Section PrimeChainRelation.
Variables (K : fieldType) (N : nat).
Local Notation R := {mpoly K[N]}.
Variables (L : nat) (Q : nat -> R -> Prop) (y : 'I_L -> R).
Hypothesis Q_prime : forall i, (i <= L)%N -> is_prime (Q i).
Hypothesis Q_sub : forall i p, (i < L)%N -> Q i p -> Q i.+1 p.
Hypothesis y_in : forall k : 'I_L, Q k.+1 (y k).
Hypothesis y_notin : forall k : 'I_L, ~ Q k (y k).
Variables (T : finType) (ex : T -> 'I_L -> nat) (c : T -> K).

Definition ytail (i : nat) (t : T) : R := \prod_(k : 'I_L | (i <= k)%N) y k ^+ ex t k.
Definition ysum (i : nat) (A : pred T) : R := \sum_(t | A t) c t *: ytail i t.

Definition ysum_notin (i : nat) : Prop :=
  forall A : pred T,
    (forall t t', A t -> A t' -> (forall k : 'I_L, (i <= k)%N -> ex t k = ex t' k) -> t = t') ->
    (exists2 t, A t & c t != 0) -> ~ Q i (ysum i A).

Lemma prime_expr_notin i (z : R) e : (i <= L)%N -> ~ Q i z -> ~ Q i (z ^+ e).
Proof.
move=> iL Qz; have [_ [Q1 Q_mul]] := Q_prime iL.
by elim: e => [|e IHe]; rewrite ?expr0 // exprS => /Q_mul[].
Qed.

Lemma ysum_notin_L : ysum_notin L.
Proof.
move=> A A_inj [t0 At0 ct0]; have [[_ [_ Q_mulr]] [Q1 _]] := Q_prime (leqnn L).
have ytail_L t : ytail L t = 1 by rewrite /ytail big_pred0 // => k; rewrite leqNgt ltn_ord.
rewrite /ysum (big_pred1 t0) => [|t]; last first.
  by apply/idP/eqP => [At|->//]; apply: A_inj => // k; rewrite leqNgt ltn_ord.
rewrite ytail_L -mul_mpolyC => /(Q_mulr (c t0)^-1%:MP).
by rewrite mulrA -mpolyCM mulVf // mulr1.
Qed.

Lemma ytail_split i (iL : (i < L)%N) t :
  ytail i t = y (Ordinal iL) ^+ ex t (Ordinal iL) * ytail i.+1 t.
Proof.
rewrite /ytail (bigD1 (Ordinal iL)) //=; congr (_ * _); apply: eq_bigl => k.
by rewrite ltn_neqAle andbC; congr (_ && _); rewrite -val_eqE /= eq_sym.
Qed.

Lemma ysum_factor i (iL : (i < L)%N) (A : pred T) mn :
  (forall t, A t -> c t != 0 -> (mn <= ex t (Ordinal iL))%N) ->
  exists W, ysum i A = y (Ordinal iL) ^+ mn *
    (ysum i.+1 [pred t | A t & ex t (Ordinal iL) == mn] + y (Ordinal iL) * W).
Proof.
set k0 := Ordinal iL => mn_min.
exists (\sum_(t | A t && (ex t k0 != mn)) c t *: (y k0 ^+ (ex t k0 - mn.+1) * ytail i.+1 t)).
rewrite /ysum (bigID (fun t => ex t k0 == mn)) /= mulrDr; congr (_ + _).
  rewrite mulr_sumr; apply: eq_bigr => t /andP[_ /eqP ex_t].
  by rewrite ytail_split -/k0 ex_t scalerAr.
rewrite !mulr_sumr; apply: eq_bigr => t /andP[At ex_t].
have [->|ct] := eqVneq (c t) 0; first by rewrite !scale0r !mulr0.
have lt_mn : (mn < ex t k0)%N by rewrite ltn_neqAle eq_sym ex_t mn_min.
rewrite ytail_split -/k0 -[in LHS](subnKC lt_mn) addSnnS exprD exprS.
by rewrite -!scalerAr !mulrA.
Qed.

(* If [ysum i A] were in [Q i], then factoring out the least power of [y i], which is
   not in the prime [Q i], would put the terms with that least power in [Q i.+1],
   because [y i] is in [Q i.+1]. *)
Lemma ysum_notin_step i : (i < L)%N -> ysum_notin i.+1 -> ysum_notin i.
Proof.
move=> iL IHi A A_inj [t0 At0 ct0]; set k0 := Ordinal iL.
have Pt0 : A t0 && (c t0 != 0) by rewrite At0 ct0.
have [tm /andP[Atm ctm] tm_min] :=
  @arg_minnP _ t0 (fun t => A t && (c t != 0)) (fun t => ex t k0) Pt0.
have [W ->] : exists W, ysum i A = y k0 ^+ ex tm k0 *
    (ysum i.+1 [pred t | A t & ex t k0 == ex tm k0] + y k0 * W).
  by apply: ysum_factor => t At ct; apply: tm_min; rewrite At ct.
have [[_ [Q_add Q_mulr]] [_ Q_mul]] := Q_prime (ltnW iL).
move=> /Q_mul[]; first exact: prime_expr_notin (ltnW iL) (@y_notin k0).
have [[_ [Q1_add Q1_mulr]] _] := Q_prime iL.
have Q1_yW : Q i.+1 (y k0 * W) by rewrite mulrC; apply/Q1_mulr/(y_in k0 : Q i.+1 _).
move=> /(Q_sub iL) Q1_sum; apply: (IHi [pred t | A t & ex t k0 == ex tm k0]).
- move=> t t' /andP[At /eqP e] /andP[At' /eqP e'] eq_ex; apply: A_inj => // k.
  rewrite leq_eqVlt => /predU1P[ik|]; last exact: eq_ex.
  have -> : k = k0 by apply/val_inj; rewrite /= -ik.
  by rewrite e e'.
- by exists tm; rewrite /= ?Atm ?eqxx.
- by rewrite -(addrK (y k0 * W) (ysum _ _)) -mulN1r; apply/Q1_add/Q1_mulr.
Qed.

-=-=-=-=-

● Task goal
Give the lines of the material above again, exactly, from its first line through the line that contains "rewrite /ysum (bigID" and no further.

● Expected output
Section PrimeChainRelation.
Variables (K : fieldType) (N : nat).
Local Notation R := {mpoly K[N]}.
Variables (L : nat) (Q : nat -> R -> Prop) (y : 'I_L -> R).
Hypothesis Q_prime : forall i, (i <= L)%N -> is_prime (Q i).
Hypothesis Q_sub : forall i p, (i < L)%N -> Q i p -> Q i.+1 p.
Hypothesis y_in : forall k : 'I_L, Q k.+1 (y k).
Hypothesis y_notin : forall k : 'I_L, ~ Q k (y k).
Variables (T : finType) (ex : T -> 'I_L -> nat) (c : T -> K).

Definition ytail (i : nat) (t : T) : R := \prod_(k : 'I_L | (i <= k)%N) y k ^+ ex t k.
Definition ysum (i : nat) (A : pred T) : R := \sum_(t | A t) c t *: ytail i t.

Definition ysum_notin (i : nat) : Prop :=
  forall A : pred T,
    (forall t t', A t -> A t' -> (forall k : 'I_L, (i <= k)%N -> ex t k = ex t' k) -> t = t') ->
    (exists2 t, A t & c t != 0) -> ~ Q i (ysum i A).

Lemma prime_expr_notin i (z : R) e : (i <= L)%N -> ~ Q i z -> ~ Q i (z ^+ e).
Proof.
move=> iL Qz; have [_ [Q1 Q_mul]] := Q_prime iL.
by elim: e => [|e IHe]; rewrite ?expr0 // exprS => /Q_mul[].
Qed.

Lemma ysum_notin_L : ysum_notin L.
Proof.
move=> A A_inj [t0 At0 ct0]; have [[_ [_ Q_mulr]] [Q1 _]] := Q_prime (leqnn L).
have ytail_L t : ytail L t = 1 by rewrite /ytail big_pred0 // => k; rewrite leqNgt ltn_ord.
rewrite /ysum (big_pred1 t0) => [|t]; last first.
  by apply/idP/eqP => [At|->//]; apply: A_inj => // k; rewrite leqNgt ltn_ord.
rewrite ytail_L -mul_mpolyC => /(Q_mulr (c t0)^-1%:MP).
by rewrite mulrA -mpolyCM mulVf // mulr1.
Qed.

Lemma ytail_split i (iL : (i < L)%N) t :
  ytail i t = y (Ordinal iL) ^+ ex t (Ordinal iL) * ytail i.+1 t.
Proof.
rewrite /ytail (bigD1 (Ordinal iL)) //=; congr (_ * _); apply: eq_bigl => k.
by rewrite ltn_neqAle andbC; congr (_ && _); rewrite -val_eqE /= eq_sym.
Qed.

Lemma ysum_factor i (iL : (i < L)%N) (A : pred T) mn :
  (forall t, A t -> c t != 0 -> (mn <= ex t (Ordinal iL))%N) ->
  exists W, ysum i A = y (Ordinal iL) ^+ mn *
    (ysum i.+1 [pred t | A t & ex t (Ordinal iL) == mn] + y (Ordinal iL) * W).
Proof.
set k0 := Ordinal iL => mn_min.
exists (\sum_(t | A t && (ex t k0 != mn)) c t *: (y k0 ^+ (ex t k0 - mn.+1) * ytail i.+1 t)).
rewrite /ysum (bigID (fun t => ex t k0 == mn)) /= mulrDr; congr (_ + _).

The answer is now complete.